More than your salary. More than the size of your house. More than the prestige of your job. Control over doing what you want, when you want to, with the people you want to, is the broadest lifestyle variable that makes people happy.
Part of what’s happened here is that we’ve used our greater wealth to buy bigger and better stuff. But we’ve simultaneously given up more control over our time. At best, those things cancel each other out.
No one is impressed with your possessions as much as you are.
You might think you want an expensive car, a fancy watch, and a huge house. But I’m telling you, you don’t. What you want is respect and admiration from other people, and you think having expensive stuff will bring it. It almost never does — especially from the people you want to respect and admire you.
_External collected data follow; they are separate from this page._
Lemma no_atom a : ~ is_atom (S_rN r N) a.
Proof.
move=> [/S_rN_fact [[|k e] [Ne ea]] a0 irr]; first by rewrite ea psum_nil eqxx in a0.
have r0 : 0 < r by apply: pfrac_gt0; lia.
pose m := c.+1; have Nkm : N (k + m)%N by apply: Nc; lia.
have qm : (2 <= q ^ m)%N.
  by apply: leq_trans q1 _; rewrite -{1}(expn1 q) leq_pexp2l //; lia.
pose e' := nseq (q ^ m - 1) (k + m)%N ++ e.
have Se' : S_rN r N (psum r e').
  apply/S_rN_fact; exists e'; split => //.
  by rewrite all_cat all_nseq Nkm orbT; case/andP: Ne.
have split_a : a = r ^+ (k + m) + psum r e'.
  rewrite ea psum_cons psum_cat psum_nseq addrA; congr (_ + _).
  rewrite natrB ?(leq_trans _ qm) // mulrBl mul1r addrC subrK natrX.
  by rewrite exprD mulrCA [_ * r ^+ m]mulrC pfracX ?expr1n ?mulr1 //; lia.
have [/eqP|/eqP] := irr _ _ (S_rN_pow 1 q Nkm) Se' split_a.
  by rewrite expf_eq0 gt_eqF ?andbF.
have e'_ne : e' != [::] by rewrite -size_eq0 size_cat size_nseq; lia.
by rewrite gt_eqF // psum_gt0.
Qed.

Lemma not_atomic : ~ atomic (S_rN r N).
Proof.
have S1 : S_rN r N 1 by rewrite -(expr0 r); exact: (S_rN_pow 1 q N0).
move=> /(_ 1 S1 (oner_neq0 _)) [[|a s] [atoms]]; first by rewrite big_nil => /eqP; rewrite oner_eq0.
by move=> _; apply: (no_atom (atoms a (mem_head _ _))).
Qed.

End UnitNumerator.

Theorem mainTheorem3 (r : rat) (N : pred nat) :
  numerical_monoid N -> 0 < r -> r != 1 -> atomic (S_rN r N) ->
  exists B : nat, forall x : rat, S_rN r N x ->
    AAP `|numq r - denq r|%N B (lengths (S_rN r N) x).
Proof.
move=> [N0 _ [c Nc]] r0 r1 atomic_S.
have [p [q [np dq]]] : exists p q : nat, numq r = p%:Z /\ denq r = q%:Z.
  by exists `|numq r|%N, `|denq r|%N; rewrite !gez0_abs ?ltW ?numq_gt0 ?denq_gt0.
have cop : coprime p q by have := coprime_num_den r; rewrite np dq.
have p0 : (0 < p)%N by rewrite -ltz_nat -np numq_gt0.
have q0 : (0 < q)%N by rewrite -ltz_nat -dq denq_gt0.
have er : r = pfrac p q by rewrite -[r]divq_num_den np dq.
rewrite np dq; subst r.
have [->|q1] := eqVneq q 1%N.
  exists 0%N => x /(lengths_nat N0) [n Ln]; exact: AAP_singleton Ln.
have [p1|p1] := eqVneq p 1%N.
  by subst p; case: (@not_atomic q c N) => //; lia.
have pq : p != q by apply: contraNneq r1 => ->; rewrite /pfrac divff // pnatr_eq0; lia.
exists (length_bound p q c) => x Sx.
apply: AAP_ext (lengthsP N cop _ _ pq x) (AAP_fact_length cop p0 q0 N0 Nc pq Sx); lia.
Qed.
Savings in the banks that earn 0% interest might actually generate an extraordinary return if they give you the flexibility to take a job with a lower salary but more purpose, or wait for investment opportunities that come when those without flexibility turn desperate.
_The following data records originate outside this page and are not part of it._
(* For every integer $\ell$ with $\mu_q(n)\le\ell<n$, one has $|\Omega_\ell|<n^{\ell/\mu_q(n)}$.
   Context: Let $q$ be a prime power, $\mathbb{F}=\mathbb{F}_{q^2}$, $G$ a finite abelian group of odd order $n$ with $\gcd(n,q)=1$, and $\mathbb{F}G$ its group algebra. Let $\tau:\mathbb{F}G\to\mathbb{F}G$, $\sum_g\alpha_g g\mapsto\sum_g\alpha_g^q g^{-1}$. Let $e_0=\frac1n\sum_g g$. The primitive idempotents are $e_0$; $e_1,\dots,e_r$ ($\neq e_0$, fixed by $\tau$); and $e_{r+1},\tau(e_{r+1}),\dots,e_{r+s},\tau(e_{r+s})$ (not fixed by $\tau$). Put $\widehat{e}_{r+j}=e_{r+j}+\tau(e_{r+j})$ and $\widehat{E}^\dagger=\{e_1,\dots,e_r,\widehat{e}_{r+1},\dots,\widehat{e}_{r+s}\}$. Let $\mu_q(n)=\min\{\dim_{\mathbb{F}}\mathbb{F}Ge: e\text{ primitive idempotent},\ e\neq e_0\}$. For an integer $\ell$, $\Omega_\ell$ is the set of subspaces $J=\bigoplus_{e\in S}\mathbb{F}Ge$ of $\mathbb{F}G$ with $S\subseteq\widehat{E}^\dagger$ and $\dim_{\mathbb{F}}J=\ell$. *)

From HB Require Import structures.
From mathcomp Require Import all_boot all_algebra all_fingroup all_field.

Set Implicit Arguments.
Unset Strict Implicit.
Unset Printing Implicit Defensive.

Import GRing.Theory.
Local Open Scope ring_scope.

(* The group algebra FG of a finite group (the whole finGroupType gT) over a
   field F: elements sum_g a_g g are represented by their coefficient
   functions g |-> a_g.  F^o makes this an F-vector space (vectType F). *)
Definition galg (F : finFieldType) (gT : finGroupType) := {ffun gT -> F^o}.

Section GroupAlgebra.
Variables (F : finFieldType) (gT : finGroupType).
Local Notation FG := (galg F gT).

Definition gmul (a b : FG) : FG :=
  [ffun g => \sum_(h : gT) a h * b (h^-1 * g)%g].

Definition gtau (q : nat) (a : FG) : FG := [ffun g => a (g^-1)%g ^+ q].

Definition ge0 : FG := [ffun => (#|gT|%:R)^-1].

Definition gidem (e : FG) := (e != 0) && (gmul e e == e).

Definition gprim (e : FG) :=
  gidem e && [forall f1 : FG, forall f2 : FG,
     ~~ [&& gidem f1, gidem f2, gmul f1 f2 == 0, gmul f2 f1 == 0 &
            e == f1 + f2]].

Definition gideal (e : FG) : {vspace FG} :=
  <<[seq gmul x e | x <- enum {: FG}]>>%VS.

Definition Ehat (q : nat) : {set FG} :=
  [set e | [&& gprim e, e != ge0 & gtau q e == e]] :|:
  ((fun e : FG => e + gtau q e) @: [set e : FG | gprim e & gtau q e != e]).

Definition mu_q : nat :=
  \big[minn/#|gT|]_(e : FG | gprim e && (e != ge0)) \dim (gideal e).

Definition Jsum (S : {set FG}) : {vspace FG} := (\sum_(e in S) gideal e)%VS.

(* Omega_l, each subspace J represented by its set of elements *)
Definition Omega (q l : nat) : {set {set FG}} :=
  [set [set x | x \in Jsum S] |
     S in [set S : {set FG} | (S \subset Ehat q) && (\dim (Jsum S) == l)]].

End GroupAlgebra.

From HB Require Import structures.
From mathcomp Require Import all_boot all_order all_algebra all_fingroup all_field.

Set Implicit Arguments.
Unset Strict Implicit.
Unset Printing Implicit Defensive.

Import GRing.Theory.

(* The elements of Ehat are pairwise orthogonal idempotents, orthogonal to e0,
   and each of them absorbs a primitive idempotent e <> e0, so that FGx has
   dimension at least mu for x in Ehat.  Hence J_S is the direct sum of the FGx,
   x in S, and dim J_S >= #|S| mu: a member of Omega_l is J_S for a nonempty
   S of Ehat with #|S| <= l / mu.  As e0 and Ehat together give #|Ehat| < n,
   there are fewer than n ^ (l / mu) such S; raise to the power mu. *)

Lemma bin_leq_expn N k : 'C(N, k) <= N ^ k.
Proof.
apply: (@leq_trans (N ^_ k)); first by rewrite -bin_ffact leq_pmulr ?fact_gt0.
by elim: k => // k IHk; rewrite ffactnSr expnSr leq_mul ?leq_subr.
Qed.

Lemma card_subsets_leq (T : finType) (E : {set T}) m :
  #|[set S : {set T} | S \subset E & #|S| <= m]| <= #|E|.+1 ^ m.
Proof.
elim: m => [|m IHm].
  rewrite expn0 -(cards1 (@set0 T)) subset_leq_card //.
  by apply/subsetP => S; rewrite !inE leqn0 cards_eq0 => /andP[_ ->].
have split_size : [set S : {set T} | S \subset E & #|S| <= m.+1] \subset
    [set S : {set T} | S \subset E & #|S| <= m] :|:
    [set S : {set T} | S \subset E & #|S| == m.+1].
  apply/subsetP => S; rewrite !inE leq_eqVlt ltnS.
  by case/andP => -> /orP[]->; rewrite ?orbT.
apply: leq_trans (subset_leq_card split_size) _.
apply: leq_trans (leq_card_setU _ _) _.
rewrite cards_draws expnS mulSn leq_add //.
apply: leq_trans (bin_leq_expn _ _) _.
rewrite expnS leq_mul //.
by case: m {IHm split_size} => // m; rewrite leq_exp2r.
Qed.

Lemma card_nonempty_subsets_lt (T : finType) (E : {set T}) m :
  #|[set S : {set T} | S \subset E & 0 < #|S| <= m]| < #|E|.+1 ^ m.
Proof.
apply: leq_trans (card_subsets_leq E m).
have -> : [set S : {set T} | S \subset E & 0 < #|S| <= m] =
          [set S : {set T} | S \subset E & #|S| <= m] :\ set0.
  by apply/setP => S; rewrite !inE card_gt0 andbCA.
by rewrite [X in _ < X](cardsD1 set0) !inE sub0set cards0.
Qed.

Section GroupAlgebra.
Local Open Scope ring_scope.
Variables (F : finFieldType) (gT : finGroupType).
Local Notation FG := (galg F gT).
Local Notation e0 := (ge0 F gT).
Implicit Types a b c e f x : FG.

Definition gmulr c a := gmul a c.

Fact gmulr_is_linear c : linear (gmulr c).
Proof.
move=> k a b; apply/ffunP => g; rewrite !ffunE scaler_sumr -big_split.
by apply: eq_bigr => h _; rewrite !ffunE /GRing.scale /= mulrDl mulrA.
Qed.

HB.instance Definition _ c :=
  GRing.isLinear.Build F FG FG *:%R (gmulr c) (gmulr_is_linear c).

Lemma gmulDl a b c : gmul (a + b) c = gmul a c + gmul b c.
Proof. exact: (linearD (gmulr c)). Qed.

Lemma gmulBl a b c : gmul (a - b) c = gmul a c - gmul b c.
Proof. exact: (linearB (gmulr c)). Qed.

Lemma gmul0l c : gmul 0 c = 0.
Proof. exact: (linear0 (gmulr c)). Qed.

Lemma gmulZl k a c : gmul (k *: a) c = k *: gmul a c.
Proof. exact: (linearZZ (gmulr c)). Qed.

Lemma gmulA a b c : gmul a (gmul b c) = gmul (gmul a b) c.
Proof.
apply/ffunP => g; rewrite !ffunE.
under [RHS]eq_bigr do rewrite ffunE mulr_suml.
rewrite exchange_big /=; apply: eq_bigr => k _.
rewrite ffunE mulr_sumr [RHS](reindex_inj (mulgI k)) /=.
by apply: eq_bigr => h _; rewrite mulrA mulKg invMg mulgA.
Qed.

Lemma gmul_ge0l x : gmul e0 x = (\sum_h x h) *: e0.
Proof.
apply/ffunP => g; rewrite !ffunE /GRing.scale /= mulr_suml.
rewrite [LHS](reindex_inj (mulgI g)) [LHS](reindex_inj invg_inj) /=.
apply: eq_bigr => h _; rewrite !ffunE mulrC; congr (_ * _).
by rewrite invMg invgK mulgKV.
Qed.

Lemma gidealP e v : reflect (exists x, v = gmul x e) (v \in gideal e).
Proof.
apply: (iffP idP) => [v_e | [x ->]]; last first.
  by apply: memv_span; apply: map_f; rewrite mem_enum memvf.
have sub_img : (gideal e <= linfun (gmulr e) @: fullv)%VS.
  apply/span_subvP => _ /mapP[x _ ->].
  by rewrite -[gmul x e]/(gmulr e x) -lfunE memv_img ?memvf.
have /memv_imgP[x _ ->] := subvP sub_img v v_e.
by exists x; rewrite lfunE.
Qed.

Lemma gideal_idem e : gmul e e = e -> e \in gideal e.
Proof. by move=> ee; apply/gidealP; exists e. Qed.

Lemma gideal_fix e v : gmul e e = e -> v \in gideal e -> gmul v e = v.
Proof. by move=> ee /gidealP[x ->]; rewrite -gmulA ee. Qed.

Lemma dim_gideal_gt0 e : gmul e e = e -> e != 0 -> (0 < \dim (gideal e))%N.
Proof.
move=> ee; apply: contraNT; rewrite -eqn0Ngt dimv_eq0 => /eqP ideal0.
by have := gideal_idem ee; rewrite ideal0 memv0.
Qed.

Lemma gprim_idem e : gprim e -> gmul e e = e.
Proof. by case/andP => /andP[_ /eqP]. Qed.

Lemma gprim_neq0 e : gprim e -> e != 0.
Proof. by case/andP => /andP[]. Qed.

Lemma mu_q_le_dim e : gprim e -> e != e0 -> (mu_q F gT <= \dim (gideal e))%N.
Proof.
move=> prim_e nz_e; rewrite /mu_q -Order.NatOrder.minEnat.
by apply: (@Order.TotalTheory.bigmin_le_cond _ nat); rewrite prim_e.
Qed.

Lemma mu_q_gt0 : (0 < mu_q F gT)%N.
Proof.
apply: (big_ind (fun m => 0 < m)%N) => [|m1 m2 m1_gt0 m2_gt0|e /andP[prim_e _]].
- by apply/card_gt0P; exists 1%g.
- by rewrite leq_min m1_gt0.
- exact: dim_gideal_gt0 (gprim_idem prim_e) (gprim_neq0 prim_e).
Qed.

Section Abelian.
Hypothesis abelG : abelian [set: gT].

Let commG (x y : gT) : (x * y = y * x)%g.
Proof. by move/centsP: abelG => /(_ x (in_setT x) y (in_setT y)). Qed.

Lemma gmulC a b : gmul a b = gmul b a.
Proof.
apply/ffunP => g; rewrite !ffunE [RHS](reindex_inj (mulgI g)).
rewrite [RHS](reindex_inj invg_inj) /=.
by apply: eq_bigr => h _; rewrite mulrC invMg invgK mulgKV commG.
Qed.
My own theory is that, in the real world, people do not want the mathematically optimal strategy. They want the strategy that maximizes for how well they sleep at night.
I have pledged — to you, the rating agencies and myself — to always run Berkshire with more than ample cash. When forced to choose, I will not trade even a night’s sleep for the chance of extra profit.
It is easy to underestimate what a 30% decline does to your psyche. Your confidence may become shot at the very moment opportunity is at its highest. You — or your spouse — may decide it’s time for a new plan, or new career. I know several investors who quit after losses because they were exhausted. Physically exhausted.
You have to survive to succeed. To repeat a point we’ve made a few times in this book: The ability to do what you want, when you want, for as long as you want, has an infinite ROI.
But do you know how hard it is to maintain a long-term outlook when stocks are collapsing?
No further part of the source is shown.